((

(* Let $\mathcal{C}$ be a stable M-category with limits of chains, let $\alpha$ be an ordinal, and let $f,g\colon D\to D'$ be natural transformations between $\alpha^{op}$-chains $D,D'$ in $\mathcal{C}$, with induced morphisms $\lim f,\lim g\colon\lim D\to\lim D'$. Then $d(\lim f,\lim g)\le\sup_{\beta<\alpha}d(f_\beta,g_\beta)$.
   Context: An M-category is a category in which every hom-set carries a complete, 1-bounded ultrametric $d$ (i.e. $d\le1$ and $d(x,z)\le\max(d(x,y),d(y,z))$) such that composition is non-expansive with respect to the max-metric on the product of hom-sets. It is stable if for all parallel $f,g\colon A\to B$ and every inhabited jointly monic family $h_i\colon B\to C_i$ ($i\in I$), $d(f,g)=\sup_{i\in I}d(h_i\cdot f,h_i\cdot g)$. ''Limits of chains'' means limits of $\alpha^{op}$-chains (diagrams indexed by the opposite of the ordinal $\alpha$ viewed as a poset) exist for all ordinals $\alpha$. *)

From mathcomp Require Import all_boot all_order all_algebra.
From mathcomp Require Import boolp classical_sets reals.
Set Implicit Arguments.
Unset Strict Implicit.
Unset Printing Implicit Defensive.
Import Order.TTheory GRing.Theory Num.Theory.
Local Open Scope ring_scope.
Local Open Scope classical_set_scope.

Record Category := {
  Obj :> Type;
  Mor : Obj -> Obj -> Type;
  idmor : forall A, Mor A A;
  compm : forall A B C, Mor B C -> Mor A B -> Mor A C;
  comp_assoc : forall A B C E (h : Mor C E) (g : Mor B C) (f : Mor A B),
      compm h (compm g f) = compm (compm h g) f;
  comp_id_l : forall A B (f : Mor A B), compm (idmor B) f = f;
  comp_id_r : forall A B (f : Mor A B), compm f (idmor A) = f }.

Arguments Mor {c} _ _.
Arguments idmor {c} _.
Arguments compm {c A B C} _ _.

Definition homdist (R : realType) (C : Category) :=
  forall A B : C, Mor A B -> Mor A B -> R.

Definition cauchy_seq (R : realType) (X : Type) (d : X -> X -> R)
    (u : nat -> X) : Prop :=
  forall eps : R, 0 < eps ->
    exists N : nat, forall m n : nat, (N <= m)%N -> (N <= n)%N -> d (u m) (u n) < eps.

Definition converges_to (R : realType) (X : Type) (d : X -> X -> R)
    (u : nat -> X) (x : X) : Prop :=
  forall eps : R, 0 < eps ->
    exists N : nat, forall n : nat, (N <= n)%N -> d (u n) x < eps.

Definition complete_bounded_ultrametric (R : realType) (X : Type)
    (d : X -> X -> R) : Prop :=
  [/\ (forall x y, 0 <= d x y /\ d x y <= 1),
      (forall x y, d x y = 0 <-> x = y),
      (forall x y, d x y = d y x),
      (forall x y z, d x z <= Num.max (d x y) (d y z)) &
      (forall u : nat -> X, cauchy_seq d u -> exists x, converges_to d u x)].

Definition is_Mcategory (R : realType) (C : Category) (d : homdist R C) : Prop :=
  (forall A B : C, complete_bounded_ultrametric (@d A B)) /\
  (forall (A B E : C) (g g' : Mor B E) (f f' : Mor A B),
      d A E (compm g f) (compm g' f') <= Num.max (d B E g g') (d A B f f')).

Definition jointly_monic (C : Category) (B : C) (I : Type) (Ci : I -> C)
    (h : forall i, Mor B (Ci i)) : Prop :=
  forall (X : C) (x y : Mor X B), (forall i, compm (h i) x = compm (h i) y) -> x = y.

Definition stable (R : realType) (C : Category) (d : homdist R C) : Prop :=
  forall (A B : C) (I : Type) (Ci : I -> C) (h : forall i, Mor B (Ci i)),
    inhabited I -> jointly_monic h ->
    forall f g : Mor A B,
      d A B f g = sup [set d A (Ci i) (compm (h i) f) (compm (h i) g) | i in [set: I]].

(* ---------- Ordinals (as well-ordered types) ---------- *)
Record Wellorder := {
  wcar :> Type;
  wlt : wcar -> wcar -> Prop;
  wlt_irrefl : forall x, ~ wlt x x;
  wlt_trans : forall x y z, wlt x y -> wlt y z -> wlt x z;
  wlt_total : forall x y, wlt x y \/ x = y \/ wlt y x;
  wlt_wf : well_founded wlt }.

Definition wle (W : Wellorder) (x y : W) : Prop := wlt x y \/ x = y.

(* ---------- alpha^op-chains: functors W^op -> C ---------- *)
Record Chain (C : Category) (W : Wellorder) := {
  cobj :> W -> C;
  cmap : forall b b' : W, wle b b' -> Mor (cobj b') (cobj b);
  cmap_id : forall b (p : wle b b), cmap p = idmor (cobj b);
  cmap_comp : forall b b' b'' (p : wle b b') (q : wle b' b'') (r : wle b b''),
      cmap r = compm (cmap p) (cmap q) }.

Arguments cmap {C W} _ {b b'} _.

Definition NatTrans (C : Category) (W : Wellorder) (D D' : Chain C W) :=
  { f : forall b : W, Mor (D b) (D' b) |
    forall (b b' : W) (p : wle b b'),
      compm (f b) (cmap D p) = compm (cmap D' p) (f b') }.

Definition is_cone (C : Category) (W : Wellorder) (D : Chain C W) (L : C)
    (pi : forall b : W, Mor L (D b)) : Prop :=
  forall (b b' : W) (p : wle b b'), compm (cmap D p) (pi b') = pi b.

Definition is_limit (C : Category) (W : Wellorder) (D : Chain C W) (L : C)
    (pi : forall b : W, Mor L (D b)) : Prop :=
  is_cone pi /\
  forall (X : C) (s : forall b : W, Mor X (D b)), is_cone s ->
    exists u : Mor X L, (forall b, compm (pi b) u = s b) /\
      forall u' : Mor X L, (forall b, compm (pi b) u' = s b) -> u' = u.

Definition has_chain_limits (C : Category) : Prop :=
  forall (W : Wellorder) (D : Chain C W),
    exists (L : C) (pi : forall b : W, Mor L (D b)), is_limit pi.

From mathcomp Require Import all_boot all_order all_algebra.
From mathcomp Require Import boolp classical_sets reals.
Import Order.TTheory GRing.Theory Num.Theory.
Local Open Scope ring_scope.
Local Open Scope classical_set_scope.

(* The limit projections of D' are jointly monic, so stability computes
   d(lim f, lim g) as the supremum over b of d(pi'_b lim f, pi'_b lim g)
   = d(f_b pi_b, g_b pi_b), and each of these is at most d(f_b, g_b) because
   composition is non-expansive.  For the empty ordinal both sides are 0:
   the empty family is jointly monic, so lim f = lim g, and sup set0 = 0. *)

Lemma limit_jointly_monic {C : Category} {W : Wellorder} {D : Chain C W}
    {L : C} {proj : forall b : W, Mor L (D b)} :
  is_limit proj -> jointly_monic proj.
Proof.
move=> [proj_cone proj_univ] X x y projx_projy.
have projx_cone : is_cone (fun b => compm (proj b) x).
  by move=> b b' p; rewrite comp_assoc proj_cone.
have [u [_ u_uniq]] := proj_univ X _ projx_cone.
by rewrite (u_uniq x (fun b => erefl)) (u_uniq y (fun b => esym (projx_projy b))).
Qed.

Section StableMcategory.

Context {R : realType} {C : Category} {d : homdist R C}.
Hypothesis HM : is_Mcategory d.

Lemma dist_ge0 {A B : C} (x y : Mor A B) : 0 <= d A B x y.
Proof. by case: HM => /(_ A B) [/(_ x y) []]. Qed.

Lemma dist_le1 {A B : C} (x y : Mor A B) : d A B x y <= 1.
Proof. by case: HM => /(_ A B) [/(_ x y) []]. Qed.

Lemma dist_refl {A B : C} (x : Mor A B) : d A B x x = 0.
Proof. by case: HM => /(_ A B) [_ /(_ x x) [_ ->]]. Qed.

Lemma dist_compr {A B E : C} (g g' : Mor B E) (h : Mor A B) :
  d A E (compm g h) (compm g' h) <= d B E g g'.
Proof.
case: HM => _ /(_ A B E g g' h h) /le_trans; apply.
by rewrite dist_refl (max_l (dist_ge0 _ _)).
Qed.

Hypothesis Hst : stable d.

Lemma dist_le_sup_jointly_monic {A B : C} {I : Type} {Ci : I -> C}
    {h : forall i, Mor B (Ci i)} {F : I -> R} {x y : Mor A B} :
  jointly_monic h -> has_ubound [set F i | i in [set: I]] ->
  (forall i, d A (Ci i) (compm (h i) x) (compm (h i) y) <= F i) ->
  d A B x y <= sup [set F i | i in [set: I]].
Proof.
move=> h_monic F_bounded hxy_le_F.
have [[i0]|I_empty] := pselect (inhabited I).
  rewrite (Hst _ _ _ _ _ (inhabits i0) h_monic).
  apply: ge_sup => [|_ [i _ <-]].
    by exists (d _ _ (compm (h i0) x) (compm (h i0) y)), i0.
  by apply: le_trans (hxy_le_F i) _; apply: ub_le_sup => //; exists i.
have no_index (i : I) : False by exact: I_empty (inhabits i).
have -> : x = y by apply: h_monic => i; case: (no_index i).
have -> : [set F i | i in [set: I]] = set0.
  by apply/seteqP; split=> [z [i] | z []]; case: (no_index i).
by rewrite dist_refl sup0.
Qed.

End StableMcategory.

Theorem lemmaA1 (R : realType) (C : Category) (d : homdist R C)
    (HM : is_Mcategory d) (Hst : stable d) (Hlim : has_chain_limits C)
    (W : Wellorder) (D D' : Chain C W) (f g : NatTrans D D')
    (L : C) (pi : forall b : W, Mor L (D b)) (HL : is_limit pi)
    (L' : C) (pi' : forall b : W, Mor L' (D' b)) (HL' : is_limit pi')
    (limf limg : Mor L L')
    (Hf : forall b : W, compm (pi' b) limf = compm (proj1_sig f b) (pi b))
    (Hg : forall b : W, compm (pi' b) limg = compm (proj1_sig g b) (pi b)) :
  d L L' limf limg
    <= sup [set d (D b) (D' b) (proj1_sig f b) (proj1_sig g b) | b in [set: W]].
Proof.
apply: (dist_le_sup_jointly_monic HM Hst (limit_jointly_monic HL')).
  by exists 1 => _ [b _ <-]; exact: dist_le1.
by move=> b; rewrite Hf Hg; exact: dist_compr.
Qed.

))

INSTRUCTIONS TO FOLLOW: All lines in the data above from the one with "wlt_total : forall" through the one with "have projx_cone : is_cone" must be repeated exactly, and no others.

SOLUTION FOR THIS EXERCISE:
  wlt_total : forall x y, wlt x y \/ x = y \/ wlt y x;
  wlt_wf : well_founded wlt }.

Definition wle (W : Wellorder) (x y : W) : Prop := wlt x y \/ x = y.

(* ---------- alpha^op-chains: functors W^op -> C ---------- *)
Record Chain (C : Category) (W : Wellorder) := {
  cobj :> W -> C;
  cmap : forall b b' : W, wle b b' -> Mor (cobj b') (cobj b);
  cmap_id : forall b (p : wle b b), cmap p = idmor (cobj b);
  cmap_comp : forall b b' b'' (p : wle b b') (q : wle b' b'') (r : wle b b''),
      cmap r = compm (cmap p) (cmap q) }.

Arguments cmap {C W} _ {b b'} _.

Definition NatTrans (C : Category) (W : Wellorder) (D D' : Chain C W) :=
  { f : forall b : W, Mor (D b) (D' b) |
    forall (b b' : W) (p : wle b b'),
      compm (f b) (cmap D p) = compm (cmap D' p) (f b') }.

Definition is_cone (C : Category) (W : Wellorder) (D : Chain C W) (L : C)
    (pi : forall b : W, Mor L (D b)) : Prop :=
  forall (b b' : W) (p : wle b b'), compm (cmap D p) (pi b') = pi b.

Definition is_limit (C : Category) (W : Wellorder) (D : Chain C W) (L : C)
    (pi : forall b : W, Mor L (D b)) : Prop :=
  is_cone pi /\
  forall (X : C) (s : forall b : W, Mor X (D b)), is_cone s ->
    exists u : Mor X L, (forall b, compm (pi b) u = s b) /\
      forall u' : Mor X L, (forall b, compm (pi b) u' = s b) -> u' = u.

Definition has_chain_limits (C : Category) : Prop :=
  forall (W : Wellorder) (D : Chain C W),
    exists (L : C) (pi : forall b : W, Mor L (D b)), is_limit pi.

From mathcomp Require Import all_boot all_order all_algebra.
From mathcomp Require Import boolp classical_sets reals.
Import Order.TTheory GRing.Theory Num.Theory.
Local Open Scope ring_scope.
Local Open Scope classical_set_scope.

(* The limit projections of D' are jointly monic, so stability computes
   d(lim f, lim g) as the supremum over b of d(pi'_b lim f, pi'_b lim g)
   = d(f_b pi_b, g_b pi_b), and each of these is at most d(f_b, g_b) because
   composition is non-expansive.  For the empty ordinal both sides are 0:
   the empty family is jointly monic, so lim f = lim g, and sup set0 = 0. *)

Lemma limit_jointly_monic {C : Category} {W : Wellorder} {D : Chain C W}
    {L : C} {proj : forall b : W, Mor L (D b)} :
  is_limit proj -> jointly_monic proj.
Proof.
move=> [proj_cone proj_univ] X x y projx_projy.
have projx_cone : is_cone (fun b => compm (proj b) x).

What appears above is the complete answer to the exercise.